* I told subscribers about this on Monday. From the Sun-Times…
A bid to change the Illinois constitution to take political mapmaking out of the hands of state lawmakers faces trouble after state election authorities Tuesday found less than half of the signatures gathered by supporters on petitions were valid.
In a sampling of 5 percent of the total signatures submitted to the State Board of Elections, only 46 percent were deemed legible and from registered voters by state election officials, said Rupert Borgsmiller, the election board’s executive director.
The reform coalition raised $2.7 million, including half a million dollars from former New York City Mayor Michael Bloomberg, in its quest to put the question on the ballot this November.
* The Yes for Independent Maps campaign is claiming dark motives at the Board of Elections…
Kolenc contended the review was conducted hastily and without uniform standards. He also alleged some election workers made unwarranted personal advances to members of his staff who were official “watchers” of the validation process.
“We’re disappointed in the process. We’ve done our homework,” Kolenc said of the petition-gathering process. “Our validation rate is above 60 percent so we feel confident our validation will lead us to the ballot.”
…Adding… So, they walked into the Board of Elections with a validation rate “above 60 percent”? As commenters have been noting, that factoid right there shows some clear problems with the way the organization functioned.

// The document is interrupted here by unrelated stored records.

Lemma convex_onD {R : realType} {X : lmodType R} {C : set X} {u v : X -> R} :
  convex_on C u -> convex_on C v -> convex_on C (u \+ v).
Proof.
move=> cu cv x y t Cx Cy t01.
by have := cu x y t Cx Cy t01; have := cv x y t Cx Cy t01 => /=; lra.
Qed.

Lemma convex_onZ {R : realType} {X : lmodType R} {C : set X} {u : X -> R} {c : R} :
  0 <= c -> convex_on C u -> convex_on C (fun x => c * u x).
Proof.
move=> c0 cu x y t Cx Cy t01.
have -> : t * (c * u x) + (1 - t) * (c * u y) = c * (t * u x + (1 - t) * u y) by ring.
exact/ler_wpM2l/cu.
Qed.

Section GreedyWeights.
Variables (R : realType) (X : lmodType R) (C : set X) (phi gam : nat -> X -> R) (a : R).
Hypotheses (convC : convex_set C) (convphi : forall k, convex_on C (phi k))
  (convgam : forall n, convex_on C (gam n)).
Hypothesis gam_le_max : forall n x, C x -> gam n x <= Num.max (phi n x) (gam n.+1 x).
Hypothesis a_le_gam0 : forall x, C x -> a <= gam 0 x.

Let greedy_inv n (P : X -> R) (s : R) :=
  [/\ convex_on C P, s <= 1 & forall x, C x -> a <= P x + (1 - s) * gam n x].

Let next_weight n (P : X -> R) (s l : R) :=
  0 <= l <= 1 - s /\ forall x, C x -> a <= P x + l * phi n x + (1 - (s + l)) * gam n.+1 x.

Let next_weight_exists n P s : greedy_inv n P s -> exists l, next_weight n P s l.
Proof.
case=> convP s1 aP.
have convD (w : X -> R) : convex_on C w -> convex_on C (fun x => P x + (1 - s) * w x).
  by move=> cw; apply: convex_onD => //; apply: convex_onZ; rewrite // subr_ge0.
have [|t t01 ht] :=
  @convex_two_minimax _ _ C _ _ a convC (convD _ (convphi n)) (convD _ (convgam n.+1)).
  move=> x Cx; have := aP x Cx; have := gam_le_max n x Cx.
  have s0 : 0 <= 1 - s by rewrite subr_ge0.
  by rewrite !le_max => /orP[] le_gam aPx; apply/orP; [left|right]; nra.
exists ((1 - s) * t); split; first by apply/andP; split; nra.
by move=> x Cx; have := ht x Cx; nra.
Qed.

Let weight n P s := xget 0 (next_weight n P s).

Let weightP n P s : greedy_inv n P s -> next_weight n P s (weight n P s).
Proof. by move=> /next_weight_exists /(xgetPex 0). Qed.

Let Fixpoint state n : (X -> R) * R :=
  if n is n'.+1 then
    let: (P, s) := state n' in
    ((fun x => P x + weight n' P s * phi n' x), s + weight n' P s)
  else (fun _ => 0, 0).

Let lam n := weight n (state n).1 (state n).2.

Let state_inv n : greedy_inv n (state n).1 (state n).2.
Proof.
elim: n => [|n IH].
  split=> [x y t _ _ _|//|x Cx]; first by lra.
  by rewrite add0r subr0 mul1r a_le_gam0.
have [/andP[l0 l1] al] := weightP _ _ _ IH.
case: IH => convP s1 _; rewrite /= [state n]surjective_pairing /=.
split=> [|//|x Cx]; last exact: al.
  exact: convex_onD convP (convex_onZ l0 (convphi n)).
by move: l1; lra.
Qed.

Let lam_next n : next_weight n (state n).1 (state n).2 (lam n).
Proof. exact: weightP _ _ _ (state_inv n). Qed.

Let stateE n :
  (state n).2 = series lam n /\ forall x, (state n).1 x = \sum_(0 <= k < n) lam k * phi k x.
Proof.
elim: n => [|n [IH2 IH1]]; first by rewrite /series /= big_nil; split=> // x; rewrite big_nil.
rewrite /= [state n]surjective_pairing /= seriesSr -IH2.
by split=> // x; rewrite big_nat_recr //= IH1.
Qed.

Lemma greedy_weights : exists lam : nat -> R,
  [/\ forall n, 0 <= lam n, forall n, series lam n <= 1 &
      forall n x, C x -> a <= \sum_(0 <= k < n) lam k * phi k x + (1 - series lam n) * gam n x].
Proof.
exists lam; split=> [n|n|n x Cx]; have [s_eq P_eq] := stateE n.
- by have [/andP[]] := lam_next n.
- by have [_ +] := state_inv n; rewrite s_eq.
- by have [_ _] := state_inv n; rewrite s_eq -P_eq; apply.
Qed.

End GreedyWeights.

Local Open Scope ereal_scope.

Lemma cadd_yl {R : realType} (b : \bar R) : Defs.cadd +oo b = +oo.
Proof. by []. Qed.

Lemma cadd_yr {R : realType} (a : \bar R) : Defs.cadd a +oo = +oo.
Proof. by rewrite /Defs.cadd orbT. Qed.

Lemma caddE {R : realType} (a b : \bar R) : a != +oo -> b != +oo -> Defs.cadd a b = a + b.
Proof. by rewrite /Defs.cadd => /negbTE -> /negbTE ->. Qed.

Lemma cmul_y {R : realType} (l : R) : Defs.cmul l +oo = +oo.
Proof. by []. Qed.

The Board of Elections randomly sampled 25,375 signatures. Out of those, they found that 11,568 were valid - which translate into an invalid rate of 54 percent. The group needs 298,400 valid signatures to get its constitutional amendment on the ballot. So, they needed at least 15,225 valid signatures out of that random sample to clear this particular hurdle.
The Board has been updating the group all along, so the reformers know where their problem signatures are. Trouble is, time is fast running out to change at least 3,657 invalid signatures into valid signatures. They have a little more than a week to pull this off…
By law, the independent map campaign has until May 30 to try to prove up the validity of names that were deemed invalid. Kolenc said that process began last week and that lawyers for the group may try to seek more time. Kolenc also said the group reserves the right to challenge the signature review process in court.
After the map group attempts to restore names to the valid list, the board can conduct a second, random sample of another 5 percent of signatures if it has questions about whether it statistically has enough to appear on the ballot.
* Another possible bone of contention is that the reform group claimed it submitted 532,264 petition signatures, but the Board found only 507,467 signatures on the sheets.
Needless to say, expect a lawsuit. This is the first time the Board of Elections has done this sort of thing after a recent law change, so who knows what the courts will do…
Borgsmiller also defended the process his staff used in analyzing signatures submitted by Yes! for Independent Maps, a process in which those who both favor and oppose the amendment were permitted to observe.
“I do know they’ve raised concerns about the process we have in place. I understand that. But everything we’ve done, we provide daily those signatures that were invalid to both proponents and opponents,” Borgsmiller said.
Still, that error rate is really, really high, especially considering how much money they had.
The Board is now turning to Bruce Rauner’s term limits/etc. petitions.
*** UPDATE *** The remap reform group sent an e-mail to its supporters today…
This week, we saw the state running a rushed, uneven and behind-closed-doors signature validation process. The result of that flawed process was the inaccurate claim that we didn’t collect enough signatures.
It’s time for a fact-check: We have more than enough valid signatures to earn our rightful place on the ballot. We know our validity rate is above 60% because we conducted random samples on every petition that came in our door. Only a flawed review process from the State could have led to a result so biased against us, but now we are fighting back. Our field team is working hard to set the record straight by rehabilitating the supposedly “invalid” signatures.
Here’s some of what we saw this week:
· State Board of Elections staff encouraged validators to rush through review, with a supervisor in the Chicago office repeating the directive time and time again.
· The State Board failed to give staff instructions for how exactly to examine signatures. That meant each validator used his or her own criteria for determining if petition signatures matched. Consequently, we saw wide fluctuations in validity rates per validator.
· State Board of Elections staff reviewed numerous petitions after the close of business, and without notice to the Independent Maps campaign. It was literally a back-room process.
Broken government has led us to this point, but that’s exactly why this campaign is so crucial for our state. This fight is far from over, and we are confident we will make it to the November ballot.
This campaign will continue to stand up for the work that we all did over the past year and look forward to victory on Election Day.
And Kolenc sent me this…
Note that I said over 60%. 60% is about what we need to make it on the ballot, 59% validity rate to be exact. I stand by the professional operation we ran - paying circulators $14 an hour, organizing volunteer teams across the state, and doing random validity checks on all petitions circulated. We have the numbers, but a rushed, uneven and back-room process has gotten us to this point.